> _Task instructions_: The response must hold only the lines from the line containing "Definition o0 : 'I_3 := @Ordinal 3 0 isT." through the end of the listing, exactly as written.
Information START
(* For each $n\geq1$, the chromatic polynomial of $\Sigma_n$ is $\chi(\Sigma_n,\lambda)=(-1)^{3^n-1}\lambda P_n(\lambda)$, where $P_n=P_{2,n}+3P_{1,n}+P_{0,n}$ and $P_{i,n}(\lambda)=H_{i,n}(1-\lambda,0)$ for $i=0,1,2$.
   Context: Graphs are finite. For a graph $G$, a spanning subgraph $A$ has vertex set $V(G)$ and edge set $E(A)\subseteq E(G)$; $k(A)$ is its number of components, $r(A)=|V(G)|-k(A)$, $n(A)=|E(A)|-r(A)$; the weight of $A$ is $(x-1)^{r(G)-r(A)}(y-1)^{n(A)}$. The graphs $\Sigma_n$ ($n\ge1$; Schreier graphs of the Hanoi Towers group $H^{(3)}$ with loops removed) each have three outmost vertices top, left, right: $\Sigma_1$ is the triangle $K_3$; $\Sigma_{n+1}$ is the disjoint union of three copies $G_1,G_2,G_3$ of $\Sigma_n$ together with three new edges joining left$(G_1)$ to top$(G_2)$, right$(G_1)$ to top$(G_3)$, and right$(G_2)$ to left$(G_3)$; its outmost vertices are top$(G_1)$, left$(G_2)$, right$(G_3)$. $H_{2,n}$ (resp. $H_{1,n}$, $H_{0,n}$) is the sum of the weights (with $G=\Sigma_n$) of the spanning subgraphs of $\Sigma_n$ in which the three outmost vertices lie in one component (resp. left and right outmost in one component, top in another; resp. the three in three distinct components). $\chi(G,\lambda)$ is the number of proper colorings of the vertices of $G$ with $\lambda$ colors. *)

From HB Require Import structures.
From mathcomp Require Import all_boot all_order all_algebra.
Set Implicit Arguments. Unset Strict Implicit. Unset Printing Implicit Defensive.
Import Order.TTheory GRing.Theory Num.Theory.

(* The three vertex labels; copy 0 = G1, copy 1 = G2, copy 2 = G3.
   In Sigma_1 = K3: top = 0, left = 1, right = 2. *)
Definition o0 : 'I_3 := @Ordinal 3 0 isT.
Definition o1 : 'I_3 := @Ordinal 3 1 isT.
Definition o2 : 'I_3 := @Ordinal 3 2 isT.

(* Vertices of Sigma_n are words of length n over {0,1,2}; the first letter
   says which copy (G1,G2,G3) of Sigma_(n-1) the vertex lies in. *)
Definition sig_top (m : nat) : seq 'I_3 := nseq m o0.
Definition sig_left (m : nat) : seq 'I_3 := nseq m o1.
Definition sig_right (m : nat) : seq 'I_3 := nseq m o2.

(* the three new edges of Sigma_(m+1) (one orientation):
   left(G1)-top(G2), right(G1)-top(G3), right(G2)-left(G3) *)
Definition bridge1 (m : nat) (a : 'I_3) (u : seq 'I_3) (b : 'I_3) (v : seq 'I_3) :=
  [|| [&& a == o0, u == sig_left m, b == o1 & v == sig_top m],
      [&& a == o0, u == sig_right m, b == o2 & v == sig_top m]
    | [&& a == o1, u == sig_right m, b == o2 & v == sig_left m]].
Information END
> _Task output_:
Definition o0 : 'I_3 := @Ordinal 3 0 isT.
Definition o1 : 'I_3 := @Ordinal 3 1 isT.
Definition o2 : 'I_3 := @Ordinal 3 2 isT.

(* Vertices of Sigma_n are words of length n over {0,1,2}; the first letter
   says which copy (G1,G2,G3) of Sigma_(n-1) the vertex lies in. *)
Definition sig_top (m : nat) : seq 'I_3 := nseq m o0.
Definition sig_left (m : nat) : seq 'I_3 := nseq m o1.
Definition sig_right (m : nat) : seq 'I_3 := nseq m o2.

(* the three new edges of Sigma_(m+1) (one orientation):
   left(G1)-top(G2), right(G1)-top(G3), right(G2)-left(G3) *)
Definition bridge1 (m : nat) (a : 'I_3) (u : seq 'I_3) (b : 'I_3) (v : seq 'I_3) :=
  [|| [&& a == o0, u == sig_left m, b == o1 & v == sig_top m],
      [&& a == o0, u == sig_right m, b == o2 & v == sig_top m]
    | [&& a == o1, u == sig_right m, b == o2 & v == sig_left m]].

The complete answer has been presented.